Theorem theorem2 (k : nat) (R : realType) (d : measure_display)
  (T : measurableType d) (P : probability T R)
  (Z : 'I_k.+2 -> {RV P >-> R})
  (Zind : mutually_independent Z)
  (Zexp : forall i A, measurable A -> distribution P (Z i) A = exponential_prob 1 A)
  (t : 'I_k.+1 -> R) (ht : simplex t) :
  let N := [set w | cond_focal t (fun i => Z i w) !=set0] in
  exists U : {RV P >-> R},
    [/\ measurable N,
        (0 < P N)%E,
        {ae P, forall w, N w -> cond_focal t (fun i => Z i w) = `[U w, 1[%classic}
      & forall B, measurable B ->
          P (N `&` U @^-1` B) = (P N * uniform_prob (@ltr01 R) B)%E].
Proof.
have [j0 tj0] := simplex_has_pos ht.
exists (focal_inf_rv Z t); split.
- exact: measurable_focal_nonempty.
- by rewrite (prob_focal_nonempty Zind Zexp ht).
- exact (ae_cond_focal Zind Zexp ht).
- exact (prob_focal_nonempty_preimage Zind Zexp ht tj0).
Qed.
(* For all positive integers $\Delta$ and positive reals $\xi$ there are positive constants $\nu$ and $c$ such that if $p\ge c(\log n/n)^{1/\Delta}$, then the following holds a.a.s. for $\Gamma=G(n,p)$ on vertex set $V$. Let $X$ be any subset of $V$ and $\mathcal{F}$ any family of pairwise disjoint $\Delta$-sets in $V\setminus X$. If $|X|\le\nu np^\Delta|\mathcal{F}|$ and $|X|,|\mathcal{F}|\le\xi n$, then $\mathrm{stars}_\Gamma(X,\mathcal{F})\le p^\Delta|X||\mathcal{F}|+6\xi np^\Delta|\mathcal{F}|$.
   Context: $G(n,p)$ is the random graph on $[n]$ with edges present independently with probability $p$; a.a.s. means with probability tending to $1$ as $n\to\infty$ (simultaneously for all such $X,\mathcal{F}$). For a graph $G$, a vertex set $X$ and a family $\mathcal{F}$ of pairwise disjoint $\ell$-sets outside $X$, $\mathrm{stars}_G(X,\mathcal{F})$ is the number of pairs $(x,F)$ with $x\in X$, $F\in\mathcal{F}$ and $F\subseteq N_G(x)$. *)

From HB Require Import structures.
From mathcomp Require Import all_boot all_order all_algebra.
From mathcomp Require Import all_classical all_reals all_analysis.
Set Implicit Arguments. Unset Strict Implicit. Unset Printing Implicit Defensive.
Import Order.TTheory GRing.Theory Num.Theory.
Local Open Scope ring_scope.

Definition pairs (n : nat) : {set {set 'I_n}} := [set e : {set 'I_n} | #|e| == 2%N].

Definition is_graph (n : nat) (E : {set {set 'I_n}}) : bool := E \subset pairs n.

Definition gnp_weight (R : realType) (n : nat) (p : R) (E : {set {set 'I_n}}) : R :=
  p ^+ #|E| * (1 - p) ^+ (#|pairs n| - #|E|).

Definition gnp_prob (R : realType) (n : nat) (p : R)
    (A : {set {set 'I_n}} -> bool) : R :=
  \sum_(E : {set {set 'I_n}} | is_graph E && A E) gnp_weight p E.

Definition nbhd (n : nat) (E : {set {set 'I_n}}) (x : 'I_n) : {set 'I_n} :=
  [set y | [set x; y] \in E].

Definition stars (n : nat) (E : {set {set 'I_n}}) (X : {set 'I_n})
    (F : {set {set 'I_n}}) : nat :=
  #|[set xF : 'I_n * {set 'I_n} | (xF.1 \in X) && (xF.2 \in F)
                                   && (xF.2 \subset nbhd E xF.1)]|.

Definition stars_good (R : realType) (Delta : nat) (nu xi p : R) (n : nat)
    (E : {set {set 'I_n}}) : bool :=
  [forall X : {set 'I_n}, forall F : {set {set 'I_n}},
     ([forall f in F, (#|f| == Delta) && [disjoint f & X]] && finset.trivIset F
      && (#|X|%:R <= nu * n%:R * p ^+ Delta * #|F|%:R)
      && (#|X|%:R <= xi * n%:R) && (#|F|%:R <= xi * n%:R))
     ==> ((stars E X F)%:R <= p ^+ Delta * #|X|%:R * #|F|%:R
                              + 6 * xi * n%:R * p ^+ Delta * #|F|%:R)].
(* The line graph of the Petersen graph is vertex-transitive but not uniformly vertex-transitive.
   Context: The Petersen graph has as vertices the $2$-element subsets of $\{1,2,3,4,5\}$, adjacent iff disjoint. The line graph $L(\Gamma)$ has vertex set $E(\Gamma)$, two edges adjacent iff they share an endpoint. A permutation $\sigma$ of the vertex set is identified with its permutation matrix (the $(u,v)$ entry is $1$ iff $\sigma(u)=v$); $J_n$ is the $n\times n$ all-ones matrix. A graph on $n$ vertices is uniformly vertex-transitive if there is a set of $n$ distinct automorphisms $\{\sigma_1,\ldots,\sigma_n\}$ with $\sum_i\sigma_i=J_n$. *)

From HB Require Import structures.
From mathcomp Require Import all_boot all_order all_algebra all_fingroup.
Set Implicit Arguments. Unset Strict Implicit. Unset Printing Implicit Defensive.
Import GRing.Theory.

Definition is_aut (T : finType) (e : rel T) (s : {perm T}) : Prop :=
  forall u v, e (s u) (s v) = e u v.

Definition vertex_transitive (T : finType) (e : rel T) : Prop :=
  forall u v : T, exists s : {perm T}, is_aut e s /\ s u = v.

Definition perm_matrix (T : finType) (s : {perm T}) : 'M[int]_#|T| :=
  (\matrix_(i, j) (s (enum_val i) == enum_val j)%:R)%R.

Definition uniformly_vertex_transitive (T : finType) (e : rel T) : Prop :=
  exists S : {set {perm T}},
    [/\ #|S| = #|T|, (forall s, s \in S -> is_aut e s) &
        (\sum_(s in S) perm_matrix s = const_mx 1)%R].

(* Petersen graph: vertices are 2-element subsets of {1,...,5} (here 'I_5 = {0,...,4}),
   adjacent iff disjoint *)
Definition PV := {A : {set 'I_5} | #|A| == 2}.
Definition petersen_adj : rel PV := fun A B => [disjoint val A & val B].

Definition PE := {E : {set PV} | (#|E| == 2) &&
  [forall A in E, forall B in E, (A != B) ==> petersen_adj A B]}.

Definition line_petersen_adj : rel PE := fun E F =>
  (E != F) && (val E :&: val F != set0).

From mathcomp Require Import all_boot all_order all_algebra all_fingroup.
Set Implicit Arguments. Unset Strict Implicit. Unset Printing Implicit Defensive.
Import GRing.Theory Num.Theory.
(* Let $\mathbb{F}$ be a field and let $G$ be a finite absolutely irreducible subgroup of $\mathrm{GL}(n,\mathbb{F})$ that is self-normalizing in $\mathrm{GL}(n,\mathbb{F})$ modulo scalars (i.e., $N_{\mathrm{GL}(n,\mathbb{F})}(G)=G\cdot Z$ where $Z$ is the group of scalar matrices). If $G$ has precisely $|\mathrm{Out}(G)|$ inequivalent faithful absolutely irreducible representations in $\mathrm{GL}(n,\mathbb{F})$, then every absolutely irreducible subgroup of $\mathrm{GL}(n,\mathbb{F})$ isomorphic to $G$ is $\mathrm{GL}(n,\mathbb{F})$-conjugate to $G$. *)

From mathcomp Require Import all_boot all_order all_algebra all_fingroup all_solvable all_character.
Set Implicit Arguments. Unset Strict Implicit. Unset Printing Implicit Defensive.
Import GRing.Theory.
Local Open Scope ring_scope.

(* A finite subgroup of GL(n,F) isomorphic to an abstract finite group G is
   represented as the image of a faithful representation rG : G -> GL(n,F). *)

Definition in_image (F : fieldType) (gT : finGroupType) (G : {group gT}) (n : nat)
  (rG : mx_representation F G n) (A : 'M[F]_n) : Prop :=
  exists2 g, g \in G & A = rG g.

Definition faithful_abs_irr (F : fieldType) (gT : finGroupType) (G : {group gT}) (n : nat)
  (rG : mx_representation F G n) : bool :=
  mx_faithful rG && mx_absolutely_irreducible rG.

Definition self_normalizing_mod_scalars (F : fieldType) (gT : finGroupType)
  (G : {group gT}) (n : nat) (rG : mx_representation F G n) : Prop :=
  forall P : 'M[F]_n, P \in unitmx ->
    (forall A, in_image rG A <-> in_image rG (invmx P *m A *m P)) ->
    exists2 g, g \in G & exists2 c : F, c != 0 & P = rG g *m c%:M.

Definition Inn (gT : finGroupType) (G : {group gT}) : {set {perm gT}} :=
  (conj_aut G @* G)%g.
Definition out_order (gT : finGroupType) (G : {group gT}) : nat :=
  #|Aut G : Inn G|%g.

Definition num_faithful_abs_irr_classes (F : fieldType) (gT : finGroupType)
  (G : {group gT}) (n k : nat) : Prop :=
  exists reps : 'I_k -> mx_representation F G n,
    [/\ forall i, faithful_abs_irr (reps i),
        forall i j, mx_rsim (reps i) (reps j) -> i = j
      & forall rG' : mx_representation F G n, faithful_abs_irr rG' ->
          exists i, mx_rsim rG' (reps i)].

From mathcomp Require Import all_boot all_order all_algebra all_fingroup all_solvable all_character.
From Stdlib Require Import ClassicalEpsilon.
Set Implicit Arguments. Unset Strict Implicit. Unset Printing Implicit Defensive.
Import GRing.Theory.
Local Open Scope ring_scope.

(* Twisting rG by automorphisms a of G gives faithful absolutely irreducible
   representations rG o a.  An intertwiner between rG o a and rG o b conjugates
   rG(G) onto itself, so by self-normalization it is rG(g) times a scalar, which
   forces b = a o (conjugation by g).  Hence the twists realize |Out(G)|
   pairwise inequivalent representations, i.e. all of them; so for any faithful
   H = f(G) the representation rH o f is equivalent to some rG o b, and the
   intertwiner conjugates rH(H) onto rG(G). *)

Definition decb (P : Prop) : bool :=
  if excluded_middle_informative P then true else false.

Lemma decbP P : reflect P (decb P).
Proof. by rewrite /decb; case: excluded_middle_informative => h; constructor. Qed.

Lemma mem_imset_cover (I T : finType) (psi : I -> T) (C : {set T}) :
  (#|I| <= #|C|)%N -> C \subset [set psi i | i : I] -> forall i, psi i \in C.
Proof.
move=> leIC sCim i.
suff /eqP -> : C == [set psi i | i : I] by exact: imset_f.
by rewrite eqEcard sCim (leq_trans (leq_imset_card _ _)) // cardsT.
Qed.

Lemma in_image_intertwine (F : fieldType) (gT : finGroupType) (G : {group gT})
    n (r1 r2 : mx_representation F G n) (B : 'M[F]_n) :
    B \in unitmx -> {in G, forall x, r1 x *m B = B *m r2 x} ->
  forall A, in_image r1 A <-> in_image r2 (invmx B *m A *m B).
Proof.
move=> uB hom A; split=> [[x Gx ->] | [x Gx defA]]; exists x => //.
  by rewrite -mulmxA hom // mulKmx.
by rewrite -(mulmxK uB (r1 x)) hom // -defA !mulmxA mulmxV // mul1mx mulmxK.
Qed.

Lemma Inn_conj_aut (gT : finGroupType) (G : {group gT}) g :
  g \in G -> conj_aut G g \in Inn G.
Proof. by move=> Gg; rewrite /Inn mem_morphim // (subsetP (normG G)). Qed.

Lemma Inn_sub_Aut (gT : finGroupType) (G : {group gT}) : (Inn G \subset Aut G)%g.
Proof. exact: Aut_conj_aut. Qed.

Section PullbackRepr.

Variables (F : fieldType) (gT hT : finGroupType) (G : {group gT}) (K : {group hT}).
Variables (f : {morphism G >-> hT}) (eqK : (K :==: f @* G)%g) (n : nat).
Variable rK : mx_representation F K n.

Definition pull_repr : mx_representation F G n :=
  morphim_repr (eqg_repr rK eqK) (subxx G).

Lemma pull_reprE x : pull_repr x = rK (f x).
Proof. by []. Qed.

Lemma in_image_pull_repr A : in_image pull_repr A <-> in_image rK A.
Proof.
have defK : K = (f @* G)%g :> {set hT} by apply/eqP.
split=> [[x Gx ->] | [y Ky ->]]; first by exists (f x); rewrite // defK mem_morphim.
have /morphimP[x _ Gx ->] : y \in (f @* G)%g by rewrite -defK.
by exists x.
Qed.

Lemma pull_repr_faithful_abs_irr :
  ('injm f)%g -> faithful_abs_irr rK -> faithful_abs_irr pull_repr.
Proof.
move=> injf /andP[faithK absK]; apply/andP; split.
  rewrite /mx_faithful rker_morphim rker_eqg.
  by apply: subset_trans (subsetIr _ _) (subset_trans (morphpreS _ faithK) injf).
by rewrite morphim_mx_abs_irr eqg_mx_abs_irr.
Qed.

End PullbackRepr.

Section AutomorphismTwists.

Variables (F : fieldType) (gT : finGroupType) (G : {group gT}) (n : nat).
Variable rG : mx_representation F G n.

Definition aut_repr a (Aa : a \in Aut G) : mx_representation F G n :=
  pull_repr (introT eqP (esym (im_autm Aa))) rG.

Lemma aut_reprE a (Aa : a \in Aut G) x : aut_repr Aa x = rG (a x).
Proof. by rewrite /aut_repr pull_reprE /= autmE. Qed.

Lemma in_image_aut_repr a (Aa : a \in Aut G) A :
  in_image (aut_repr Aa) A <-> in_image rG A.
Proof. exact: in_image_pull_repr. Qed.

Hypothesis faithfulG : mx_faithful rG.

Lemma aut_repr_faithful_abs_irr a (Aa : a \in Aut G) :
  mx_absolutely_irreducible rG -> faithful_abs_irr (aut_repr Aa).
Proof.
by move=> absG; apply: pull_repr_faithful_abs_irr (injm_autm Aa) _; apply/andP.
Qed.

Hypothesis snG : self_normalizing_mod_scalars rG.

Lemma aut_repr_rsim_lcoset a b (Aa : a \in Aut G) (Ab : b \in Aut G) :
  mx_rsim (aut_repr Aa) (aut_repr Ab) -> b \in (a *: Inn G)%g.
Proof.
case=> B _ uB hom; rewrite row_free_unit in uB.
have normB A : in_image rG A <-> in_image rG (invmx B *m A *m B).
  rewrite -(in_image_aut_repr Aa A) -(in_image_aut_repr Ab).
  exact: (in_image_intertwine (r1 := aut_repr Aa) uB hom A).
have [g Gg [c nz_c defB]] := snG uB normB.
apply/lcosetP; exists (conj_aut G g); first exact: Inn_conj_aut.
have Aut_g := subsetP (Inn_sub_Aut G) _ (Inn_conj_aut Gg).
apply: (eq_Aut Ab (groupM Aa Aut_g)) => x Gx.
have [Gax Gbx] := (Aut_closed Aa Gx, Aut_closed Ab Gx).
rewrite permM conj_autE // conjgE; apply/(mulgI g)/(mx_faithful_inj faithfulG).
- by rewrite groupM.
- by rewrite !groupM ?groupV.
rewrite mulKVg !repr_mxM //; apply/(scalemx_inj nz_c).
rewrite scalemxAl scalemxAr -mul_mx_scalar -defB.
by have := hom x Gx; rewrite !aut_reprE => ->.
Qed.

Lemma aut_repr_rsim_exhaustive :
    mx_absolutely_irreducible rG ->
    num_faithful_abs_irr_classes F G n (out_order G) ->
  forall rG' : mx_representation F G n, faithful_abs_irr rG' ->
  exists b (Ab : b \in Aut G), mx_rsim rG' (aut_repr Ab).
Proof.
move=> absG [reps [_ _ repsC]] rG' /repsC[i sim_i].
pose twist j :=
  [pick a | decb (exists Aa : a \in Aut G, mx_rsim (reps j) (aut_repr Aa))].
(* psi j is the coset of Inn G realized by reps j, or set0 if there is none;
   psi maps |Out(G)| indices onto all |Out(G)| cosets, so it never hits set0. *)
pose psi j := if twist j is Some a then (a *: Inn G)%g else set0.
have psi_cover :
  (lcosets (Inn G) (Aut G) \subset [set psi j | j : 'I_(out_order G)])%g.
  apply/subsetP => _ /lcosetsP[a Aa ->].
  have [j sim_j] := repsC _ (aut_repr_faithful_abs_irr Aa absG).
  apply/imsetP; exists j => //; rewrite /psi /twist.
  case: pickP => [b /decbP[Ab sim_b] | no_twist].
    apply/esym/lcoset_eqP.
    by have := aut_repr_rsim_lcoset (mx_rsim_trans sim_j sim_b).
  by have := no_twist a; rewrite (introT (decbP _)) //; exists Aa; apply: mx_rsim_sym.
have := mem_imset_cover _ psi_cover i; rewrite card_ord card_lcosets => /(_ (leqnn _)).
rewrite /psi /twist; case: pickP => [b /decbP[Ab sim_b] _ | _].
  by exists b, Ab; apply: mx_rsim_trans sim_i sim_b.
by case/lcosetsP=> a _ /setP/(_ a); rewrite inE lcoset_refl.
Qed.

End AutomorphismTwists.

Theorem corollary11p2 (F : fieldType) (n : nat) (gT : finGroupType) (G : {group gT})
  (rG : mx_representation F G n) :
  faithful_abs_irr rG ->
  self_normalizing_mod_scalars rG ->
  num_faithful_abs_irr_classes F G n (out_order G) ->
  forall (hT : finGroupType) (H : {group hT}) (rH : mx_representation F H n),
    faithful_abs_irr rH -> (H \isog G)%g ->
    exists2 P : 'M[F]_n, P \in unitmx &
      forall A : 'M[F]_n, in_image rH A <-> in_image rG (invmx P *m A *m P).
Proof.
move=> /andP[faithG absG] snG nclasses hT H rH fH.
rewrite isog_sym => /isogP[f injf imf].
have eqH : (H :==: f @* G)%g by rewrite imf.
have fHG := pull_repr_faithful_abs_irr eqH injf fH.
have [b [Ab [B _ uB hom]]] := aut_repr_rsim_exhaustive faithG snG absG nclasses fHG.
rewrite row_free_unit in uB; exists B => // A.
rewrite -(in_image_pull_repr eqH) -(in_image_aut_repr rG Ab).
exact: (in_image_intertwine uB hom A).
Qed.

━━━━━━━━

▶ **Exercise description**:
Where a line above holds the string "andP", show that line.

▶ **Task response**:
move=> injf /andP[faithK absK]; apply/andP; split.
by move=> absG; apply: pull_repr_faithful_abs_irr (injm_autm Aa) _; apply/andP.
move=> /andP[faithG absG] snG nclasses hT H rH fH.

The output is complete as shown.